### Records supplied
Lemma Ccontinuous_scale c : Ccontinuous (Cmul c).
Proof.
  intros z e He. pose proof (Cabs_ge0 c).
  exists (e / (Cabs c + 1)); split; [apply Rdiv_lt_0_compat; lra|].
  intros w Hw. rewrite Csub_mul_l, Cabs_mul.
  apply Rle_lt_trans with ((Cabs c + 1) * Cabs (Csub w z)); [pose proof (Cabs_ge0 (Csub w z)); nra|].
  apply Rmult_lt_reg_r with (/ (Cabs c + 1)); [apply Rinv_0_lt_compat; lra|].
  replace ((Cabs c + 1) * Cabs (Csub w z) * / (Cabs c + 1)) with (Cabs (Csub w z)) by (field; lra).
  exact Hw.
Qed.

Lemma Ccontinuous_sub f g : Ccontinuous f -> Ccontinuous g -> Ccontinuous (fun z => Csub (f z) (g z)).
Proof.
  intros Hf Hg z e He.
  destruct (Hf z (e / 2)) as [d1 [Hd1 Hf']]; [lra|]. destruct (Hg z (e / 2)) as [d2 [Hd2 Hg']]; [lra|].
  exists (Rmin d1 d2); split; [apply Rmin_glb_lt; lra|]. intros w Hw.
  specialize (Hf' w (Rlt_le_trans _ _ _ Hw (Rmin_l _ _))).
  specialize (Hg' w (Rlt_le_trans _ _ _ Hw (Rmin_r _ _))).
  replace (Csub (Csub (f w) (g w)) (Csub (f z) (g z)))
    with (Cadd (Csub (f w) (f z)) (Csub (g z) (g w)))
    by (destruct (f w), (g w), (f z), (g z); unfold Cadd, Csub; simpl; f_equal; ring).
  pose proof (Cabs_triangle (Csub (f w) (f z)) (Csub (g z) (g w))) as T.
  rewrite (Cabs_sub_sym (g z)) in T. lra.
Qed.

Definition Cdense (S : Cplx -> Prop) : Prop :=
  forall z eps, 0 < eps -> exists a, S a /\ Cabs (Csub a z) < eps.

Lemma Ccontinuous_dense_eq0 (h : Cplx -> Cplx) (S : Cplx -> Prop) :
  Ccontinuous h -> Cdense S -> (forall a, S a -> h a = C0) -> forall z, h z = C0.
Proof.
  intros Hh HS H0 z. destruct (Ceq_dec (h z) C0) as [|Hz]; [assumption|]. exfalso.
  destruct (Hh z (Cabs (h z)) (Cabs_pos _ Hz)) as [d [Hd Hh']].
  destruct (HS z d Hd) as [a [Sa Ha]]. specialize (Hh' a Ha). rewrite H0 in Hh' by exact Sa.
  replace (Csub C0 (h z)) with (Cmul (-1, 0) (h z)) in Hh'
    by (destruct (h z); unfold Cmul, Csub, C0; simpl; f_equal; ring).
  rewrite Cabs_mul in Hh'. replace (Cabs (-1, 0)) with 1 in Hh'; [lra|].
  unfold Cabs; simpl. replace (-1 * -1 + 0 * 0) with 1 by ring. symmetry; apply sqrt_1.
Qed.

Definition rescales (f : Cplx -> Cplx) (a : Cplx) : Prop :=
  exists l, forall w, f (Cmul a w) = Cmul l (f w).

Section Rescaling.
Variable f : Cplx -> Cplx.
Hypothesis f_inj : forall a b, f a = f b -> a = b.

Lemma rescales_1 : rescales f C1.
Proof. exists C1; intro w; rewrite !Cmul_1_l; reflexivity. Qed.

Lemma rescales_mul a b : rescales f a -> rescales f b -> rescales f (Cmul a b).
Proof.
  intros [la Ha] [lb Hb]. exists (Cmul la lb); intro w.
  rewrite <- Cmul_assoc, Ha, Hb, Cmul_assoc. reflexivity.
Qed.

Lemma rescales_inv a : a <> C0 -> rescales f a -> rescales f (Cinv a).
Proof.
  intros Ha0 [l Ha].
  (* [l = 0] would give [f (a^-1 a) = f 0], contradicting injectivity. *)
  assert (Hl : l <> C0).
  { intro E; subst l. apply C0_neq_C1, f_inj.
    rewrite <- (Cmul_inv a Ha0), Ha, Cmul_0_l, <- (Cmul_0_r a) at 1.
    rewrite Ha, Cmul_0_l. reflexivity. }
  exists (Cinv l); intro w. apply (Cmul_cancel_l l); [exact Hl|].
  rewrite <- Ha, !Cmul_assoc, !Cmul_inv, !Cmul_1_l by assumption. reflexivity.
Qed.

Lemma rescales_Cpow a k : rescales f a -> rescales f (Cpow a k).
Proof. intro Ha; induction k; simpl; [apply rescales_1 | apply rescales_mul; assumption]. Qed.

Lemma rescales_Cpowz a m : a <> C0 -> rescales f a -> rescales f (Cpowz a m).
Proof.
  intros Ha0 Ha. destruct m; simpl; [apply rescales_1 | apply rescales_Cpow, Ha |].
  apply rescales_inv; [apply Cpow_neq0, Ha0 | apply rescales_Cpow, Ha].
Qed.

End Rescaling.

Lemma rescales_mul_identity f a : rescales f a ->
  forall w, Cmul (f (Cmul a w)) (f C1) = Cmul (f a) (f w).
Proof.
  intros [l Ha] w. rewrite Ha, <- (Cmul_1_r a), Ha.
  destruct l, (f w), (f C1); unfold Cmul; simpl; f_equal; ring.
Qed.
######
--- Required work ---
The reply should hold only the lines of the listing above starting at the line containing "by (destruct (h" and ending at the line containing "(* [l = 0] would", exactly as written.

--- Answer section ---
    by (destruct (h z); unfold Cmul, Csub, C0; simpl; f_equal; ring).
  rewrite Cabs_mul in Hh'. replace (Cabs (-1, 0)) with 1 in Hh'; [lra|].
  unfold Cabs; simpl. replace (-1 * -1 + 0 * 0) with 1 by ring. symmetry; apply sqrt_1.
Qed.

Definition rescales (f : Cplx -> Cplx) (a : Cplx) : Prop :=
  exists l, forall w, f (Cmul a w) = Cmul l (f w).

Section Rescaling.
Variable f : Cplx -> Cplx.
Hypothesis f_inj : forall a b, f a = f b -> a = b.

Lemma rescales_1 : rescales f C1.
Proof. exists C1; intro w; rewrite !Cmul_1_l; reflexivity. Qed.

Lemma rescales_mul a b : rescales f a -> rescales f b -> rescales f (Cmul a b).
Proof.
  intros [la Ha] [lb Hb]. exists (Cmul la lb); intro w.
  rewrite <- Cmul_assoc, Ha, Hb, Cmul_assoc. reflexivity.
Qed.

Lemma rescales_inv a : a <> C0 -> rescales f a -> rescales f (Cinv a).
Proof.
  intros Ha0 [l Ha].
  (* [l = 0] would give [f (a^-1 a) = f 0], contradicting injectivity. *)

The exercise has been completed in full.